Most teams start agent evaluation in the wrong place.
They score the ending.
If the final answer looks correct, they call the run a success.
That works better for single-turn model calls than it does for agent systems.
Agents do not only answer.
They plan, retrieve, call tools, retry, recover, escalate, and cross execution boundaries.
That means a correct final answer can hide a bad run.
The real question is no longer:
Did the agent get the answer right?
It becomes:
Did the agent behave well enough to trust in production?
That is the job of trajectory evaluation.
This article builds on Planning and Task Decomposition, ReAct and the Basic Reasoning Loop, Tool Use: How Agents Take Action, Structured Outputs, Guardrails, and Execution Boundaries, Supervisor, Router, and Planner-Executor Patterns, and Human-in-the-Loop Control Design. Those pieces explain how agent systems think, act, coordinate, and stay bounded. This one explains how to judge whether the run itself was good.

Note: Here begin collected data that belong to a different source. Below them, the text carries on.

Definition lng_s := Mul (Pg 0 1) Invg.
Definition hodo_x := Add Ycoord (Opp lng_s).
Definition hodo_u := Opp (tds lng_s).
Definition rho := Mul (Pg 0 0) (Mul (Pg 0 0) (Mul Invf Invh)).
Definition inv_rho := Mul (Pf 0 0) (Mul (Ph 0 0) (Mul Invg Invg)).
Definition lnfoh_s := Add (Mul (Pf 0 1) Invf) (Opp (Mul (Ph 0 1) Invh)).
Definition lnfoh_y := Add (Mul (Pf 1 0) Invf) (Opp (Mul (Ph 1 0) Invh)).
Definition lnfh_s := Add (Mul (Pf 0 1) Invf) (Mul (Ph 0 1) Invh).
Definition lnrho_s := Add (Mul (Cst 2) lng_s) (Opp lnfh_s).
(* m = 2 - u_xx, see [Dx_Dx_hodo_u]. *)
Definition hodo_m (q : R) := Mul rho (Mul rho (Add (Cst 2) (Mul (Cst q) lnfoh_y))).

(* The inverse (x,t) |-> (Y,t) of the hodograph map has Y_x = rho and
   Y_t = - u rho, so d_x and d_t act on functions of (y,s) as [Dx] and [Dt]. *)
Definition Dx (e : term) : term := Mul rho (tdy e).
Definition Dt (e : term) : term := Add (tds e) (Opp (Mul hodo_u (Mul rho (tdy e)))).

Section Terms.

Variables Df Dg Dh : nat -> nat -> R -> R -> R.

Fixpoint teval (e : term) (y s : R) : R :=
  match e with
  | Cst r => r | Ycoord => y
  | Pf i j => Df i j y s | Pg i j => Dg i j y s | Ph i j => Dh i j y s
  | Invf => / Df 0 0 y s | Invg => / Dg 0 0 y s | Invh => / Dh 0 0 y s
  | Add a b => teval a y s + teval b y s
  | Mul a b => teval a y s * teval b y s
  | Opp a => - teval a y s
  end.

Lemma teval_tdy_tds e y s : teval (tdy (tds e)) y s = teval (tds (tdy e)) y s.
Proof. induction e; simpl; try rewrite IHe; try rewrite IHe1, IHe2; ring. Qed.

Lemma teval_Dt_Dx e y s :
  teval (Dt e) y s + teval hodo_u y s * teval (Dx e) y s = teval (tds e) y s.
Proof. cbn [Dt Dx teval]. ring. Qed.

Lemma teval_hodo_x (g : R -> R -> R) (y s : R) :
  Dg 0 0 y s = g y s -> teval hodo_x y s = xmap g Dg y s.
Proof. intros Hg. unfold xmap, Rminus, Rdiv. simpl. rewrite Hg. reflexivity. Qed.

Lemma teval_hodo_u (g : R -> R -> R) (y s : R) :
  Dg 0 0 y s = g y s -> g y s <> 0 -> teval hodo_u y s = uval g Dg y s.
Proof. intros Hg Hg0. unfold uval. simpl. rewrite Hg. field. exact Hg0. Qed.

Lemma teval_rho (f g h : R -> R -> R) (y s : R) :
  Df 0 0 y s = f y s -> Dg 0 0 y s = g y s -> Dh 0 0 y s = h y s ->
  f y s <> 0 -> h y s <> 0 -> teval rho y s = rhoval f g h y s.
Proof. intros Hf Hg Hh Hf0 Hh0. unfold rhoval. simpl. rewrite Hf, Hg, Hh. field. auto. Qed.

Lemma teval_inv_rho (f g h : R -> R -> R) (y s : R) :
  Df 0 0 y s = f y s -> Dg 0 0 y s = g y s -> Dh 0 0 y s = h y s ->
  g y s <> 0 -> teval inv_rho y s = f y s * h y s / g y s ^ 2.
Proof. intros Hf Hg Hh Hg0. simpl. rewrite Hf, Hg, Hh. field. exact Hg0. Qed.

Variable U : R -> R -> Prop.
Hypothesis HU : open2 U.
Hypotheses (HDf : partials_family U Df) (HDg : partials_family U Dg)
  (HDh : partials_family U Dh).
Hypotheses (Hf0 : forall y s, U y s -> Df 0 0 y s <> 0)
  (Hg0 : forall y s, U y s -> Dg 0 0 y s <> 0)
  (Hh0 : forall y s, U y s -> Dh 0 0 y s <> 0).

Lemma teval_partials e y s : U y s ->
  derivable_pt_lim (fun a => teval e a s) y (teval (tdy e) y s) /\
  derivable_pt_lim (fun b => teval e y b) s (teval (tds e) y s) /\
  continuity_2d_pt (teval e) y s.
Proof.
  intros Hys. induction e; simpl.
  - split; [|split]; [apply derivable_pt_lim_const.. | apply continuity_2d_pt_const].
  - split; [apply derivable_pt_lim_id | split].
    + apply derivable_pt_lim_const.
    + apply continuity_2d_pt_id1.
  - exact (partials_family_at U Df HDf i j y s Hys).
  - exact (partials_family_at U Dg HDg i j y s Hys).
  - exact (partials_family_at U Dh HDh i j y s Hys).
  - exact (partials_family_Rinv U Df HDf y s Hys (Hf0 y s Hys)).
  - exact (partials_family_Rinv U Dg HDg y s Hys (Hg0 y s Hys)).
  - exact (partials_family_Rinv U Dh HDh y s Hys (Hh0 y s Hys)).
  - destruct IHe1 as [Hy1 [Hs1 Hc1]], IHe2 as [Hy2 [Hs2 Hc2]].
    split; [|split].
    + exact (derivable_pt_lim_plus _ _ _ _ _ Hy1 Hy2).
    + exact (derivable_pt_lim_plus _ _ _ _ _ Hs1 Hs2).
    + exact (continuity_2d_pt_plus _ _ _ _ Hc1 Hc2).
  - destruct IHe1 as [Hy1 [Hs1 Hc1]], IHe2 as [Hy2 [Hs2 Hc2]].
    split; [|split].
    + exact (derivable_pt_lim_mult _ _ _ _ _ Hy1 Hy2).
    + exact (derivable_pt_lim_mult _ _ _ _ _ Hs1 Hs2).
    + exact (continuity_2d_pt_mult _ _ _ _ Hc1 Hc2).
  - destruct IHe as [Hy [Hs Hc]].
    split; [|split].
    + exact (derivable_pt_lim_opp _ _ _ Hy).
    + exact (derivable_pt_lim_opp _ _ _ Hs).
    + exact (continuity_2d_pt_opp _ _ _ Hc).
Qed.

Lemma teval_differentiable e y s : U y s ->
  differentiable_pt_lim (teval e) y s (teval (tdy e) y s) (teval (tds e) y s).
Proof.
  intros Hys. apply differentiable_pt_lim_of_partials.
  - apply (locally_2d_impl U); [|exact (open2_locally_2d U y s HU Hys)].
    apply locally_2d_forall. intros u v Huv. apply (teval_partials e u v Huv).
  - apply (teval_partials (tdy e) y s Hys).
  - apply (teval_partials e y s Hys).
Qed.

Definition teq (e1 e2 : term) : Prop := forall y s, U y s -> teval e1 y s = teval e2 y s.

Lemma teq_locally_2d e1 e2 y s : teq e1 e2 -> U y s ->
  locally_2d (fun u v => teval e1 u v = teval e2 u v) y s.
Proof.
  intros H12 Hys. apply (locally_2d_impl U); [|exact (open2_locally_2d U y s HU Hys)].
  apply locally_2d_forall. exact H12.
Qed.

Lemma teq_tdy e1 e2 : teq e1 e2 -> teq (tdy e1) (tdy e2).
Proof.
  intros H12 y s Hys.
  apply (derivable_pt_lim_unique_loc (fun a => teval e1 a s) (fun a => teval e2 a s) y).
  - exact (locally_2d_1d_const_y _ y s (teq_locally_2d e1 e2 y s H12 Hys)).
  - apply (teval_partials e1 y s Hys).
  - apply (teval_partials e2 y s Hys).
Qed.

Lemma teq_tds e1 e2 : teq e1 e2 -> teq (tds e1) (tds e2).
Proof.
  intros H12 y s Hys.
  apply (derivable_pt_lim_unique_loc (fun b => teval e1 y b) (fun b => teval e2 y b) s).
  - exact (locally_2d_1d_const_x _ y s (teq_locally_2d e1 e2 y s H12 Hys)).
  - apply (teval_partials e1 y s Hys).
  - apply (teval_partials e2 y s Hys).
Qed.

Lemma teq_Dx e1 e2 : teq e1 e2 -> teq (Dx e1) (Dx e2).
Proof. intros H12 y s Hys. cbn [Dx teval]. rewrite (teq_tdy e1 e2 H12 y s Hys). reflexivity. Qed.

Lemma teq_Dt e1 e2 : teq e1 e2 -> teq (Dt e1) (Dt e2).
Proof.
  intros H12 y s Hys. cbn [Dt teval].
  rewrite (teq_tdy e1 e2 H12 y s Hys), (teq_tds e1 e2 H12 y s Hys). reflexivity.
Qed.

Lemma inv_rho_rho : teq (Mul inv_rho rho) (Cst 1).
Proof.
  intros y s Hys. simpl. field.
  repeat split; first [apply Hf0 | apply Hg0 | apply Hh0]; exact Hys.
Qed.

Lemma lnrho_s_rho y s : U y s -> teval lnrho_s y s * teval rho y s = teval (tds rho) y s.
Proof.
  intros Hys. simpl. field.
  repeat split; first [apply Hf0 | apply Hg0 | apply Hh0]; exact Hys.
Qed.

Lemma hodo_x_tds y s : teval (tds hodo_x) y s = teval hodo_u y s.
Proof. cbn [hodo_x hodo_u tds teval]. ring. Qed.

Section FirstEquation.

Hypothesis E1 : forall y s, U y s ->
  / 2 * hirota_ys Dg Dg y s - Dg 0 0 y s * Dg 0 0 y s = - (Df 0 0 y s * Dh 0 0 y s).

Lemma lng_ys_eq : teq (tdy lng_s) (Add (Cst 1) (Opp inv_rho)).
Proof.
  intros y s Hys. specialize (E1 y s Hys). unfold hirota_ys in E1.
  assert (Hg := Hg0 y s Hys).
  assert (Hgys : Dg 1 1 y s = (Dg 1 0 y s * Dg 0 1 y s + Dg 0 0 y s * Dg 0 0 y s
                                - Df 0 0 y s * Dh 0 0 y s) / Dg 0 0 y s).
  { apply (Rmult_eq_reg_r (Dg 0 0 y s)); [|exact Hg]. field_simplify; [lra | exact Hg]. }
  simpl. rewrite Hgys. field. exact Hg.
Qed.

Lemma hodo_x_tdy y s : U y s -> teval (tdy hodo_x) y s = teval inv_rho y s.
Proof.
  intros Hys. cbn [hodo_x tdy teval]. rewrite (lng_ys_eq y s Hys). cbn [teval]. ring.
Qed.

Lemma hodo_x_partials y s : U y s ->
  derivable_pt_lim (fun a => teval hodo_x a s) y (teval inv_rho y s) /\
  derivable_pt_lim (fun b => teval hodo_x y b) s (teval hodo_u y s).
Proof.
  intros Hys. destruct (teval_partials hodo_x y s Hys) as [Hy [Hs _]].
  rewrite (hodo_x_tdy y s Hys) in Hy. rewrite hodo_x_tds in Hs.
  split; [exact Hy | exact Hs].
Qed.

Lemma hodograph_jacobian (f g h : R -> R -> R) y s :
  (forall y s, U y s -> Df 0 0 y s = f y s) ->
  (forall y s, U y s -> Dg 0 0 y s = g y s) ->
  (forall y s, U y s -> Dh 0 0 y s = h y s) -> U y s ->
  derivable_pt_lim (fun a => xmap g Dg a s) y (f y s * h y s / g y s ^ 2) /\
  f y s * h y s / g y s ^ 2 = / rhoval f g h y s /\
  f y s * h y s / g y s ^ 2 <> 0 /\
  derivable_pt_lim (fun b => xmap g Dg y b) s (uval g Dg y s).
Proof.
  intros Hf Hg Hh Hys.
  assert (Hfys : f y s <> 0) by (rewrite <- Hf by exact Hys; apply Hf0, Hys).
  assert (Hgys : g y s <> 0) by (rewrite <- Hg by exact Hys; apply Hg0, Hys).
  assert (Hhys : h y s <> 0) by (rewrite <- Hh by exact Hys; apply Hh0, Hys).
  assert (Hloc : locally_2d (fun a b => teval hodo_x a b = xmap g Dg a b) y s).
  { apply (locally_2d_impl U); [|exact (open2_locally_2d U y s HU Hys)].
    apply locally_2d_forall. intros a b Hab. apply teval_hodo_x, Hg, Hab. }
  destruct (hodo_x_partials y s Hys) as [Hx Hs].
  rewrite (teval_inv_rho f g h) in Hx by auto.
  rewrite (teval_hodo_u g) in Hs by auto.
  split; [|split; [|split]].
  - exact (derivable_pt_lim_ext_loc _ _ y _ (locally_2d_1d_const_y _ y s Hloc) Hx).
  - unfold rhoval. field. auto.
  - apply Rmult_integral_contrapositive_currified;
      [apply Rmult_integral_contrapositive_currified | apply Rinv_neq_0_compat, pow_nonzero];
      assumption.
  - exact (derivable_pt_lim_ext_loc _ _ s _ (locally_2d_1d_const_x _ y s Hloc) Hs).
Qed.

(* u_y = - (ln g)_sys = (1/rho)_s. *)
Lemma rho_conservation y s : U y s ->
  teval (tds rho) y s + teval rho y s * teval rho y s * teval (tdy hodo_u) y s = 0.
Proof.
  intros Hys.
  assert (Huy : teval (tdy hodo_u) y s = teval (tds inv_rho) y s).
  { cbn [hodo_u tdy teval]. rewrite teval_tdy_tds.
    rewrite (teq_tds _ _ lng_ys_eq y s Hys). cbn [tds teval]. ring. }
  assert (Hi := inv_rho_rho y s Hys).
  assert (Hi' := teq_tds _ _ inv_rho_rho y s Hys).
  cbn [tds teval] in Hi, Hi'. rewrite Huy.
  set (i := teval inv_rho y s) in *. set (r := teval rho y s) in *.
  set (i' := teval (tds inv_rho) y s) in *. set (r' := teval (tds rho) y s) in *.
  transitivity (r' * (1 - i * r) + r * (i' * r + i * r')); [ring|].
  rewrite Hi, Hi'. ring.
Qed.

Lemma Dt_Dx_comm e : teq (Dt (Dx e)) (Dx (Dt e)).
Proof.
  intros y s Hys. assert (K := rho_conservation y s Hys).
  cbn [Dt Dx tdy tds teval]. rewrite teval_tdy_tds.
  replace (teval (tds rho) y s)
    with (- (teval rho y s * teval rho y s * teval (tdy hodo_u) y s)) by lra.
  ring.
Qed.

Lemma Dt_iter_Dx i e : teq (Dt (Nat.iter i Dx e)) (Nat.iter i Dx (Dt e)).
Proof.
  induction i as [|i IH]; intros y s Hys; [reflexivity|].
  rewrite !Nat.iter_succ. rewrite (Dt_Dx_comm _ y s Hys).
  exact (teq_Dx _ _ IH y s Hys).
Qed.

Lemma Dx_hodo_u : teq (Dx hodo_u) (Opp lnrho_s).
Proof.
  intros y s Hys. assert (K := rho_conservation y s Hys).
  rewrite <- (lnrho_s_rho y s Hys) in K.
  assert (Hr : teval rho y s <> 0).
  { intros Hr0. assert (Hi := inv_rho_rho y s Hys). cbn [teval] in Hi.
    rewrite Hr0 in Hi. lra. }
  cbn [Dx teval]. apply (Rmult_eq_reg_l (teval rho y s)); [|exact Hr]. lra.
Qed.

Section SecondAndThirdEquations.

The Trap of Final-Answer Scoring
The simplest failure mode is also the most dangerous:
the system looks correct at the end, so the team never notices that the path was weak.
Imagine an agent that prepares a customer refund.
It eventually returns the correct amount.
But along the way it:
- checked the wrong account first
- made failed tool calls before finding the right one
- used stale context before correcting itself
- proposed an out-of-policy action that a guardrail blocked
- succeeded only after a late retry recovered the run
The ending looks fine.
The trajectory does not.
That run may still be:
- too expensive
- too slow
- too brittle
- too risky
- too dependent on lucky recovery
This is why output-only evaluation breaks for agents.
A correct result does not prove a trustworthy process.
Output Quality vs Process Quality
This distinction has to be explicit.
Output quality asks whether the final answer, action, or completed task was correct.
Process quality asks whether the agent took a sensible, safe, and efficient path to get there.
Those are related.
They are not the same.
Output quality tells you whether the destination was acceptable.
Process quality tells you whether the system should be trusted to travel that route again.
For agent systems, both matter.
If you grade only the destination, you miss:
- silent failures
- hidden brittleness
- repeated retries
- tool misuse
- recoveries that only worked by luck
- policy violations that were blocked downstream instead of avoided upstream
That last case matters more than many teams realize.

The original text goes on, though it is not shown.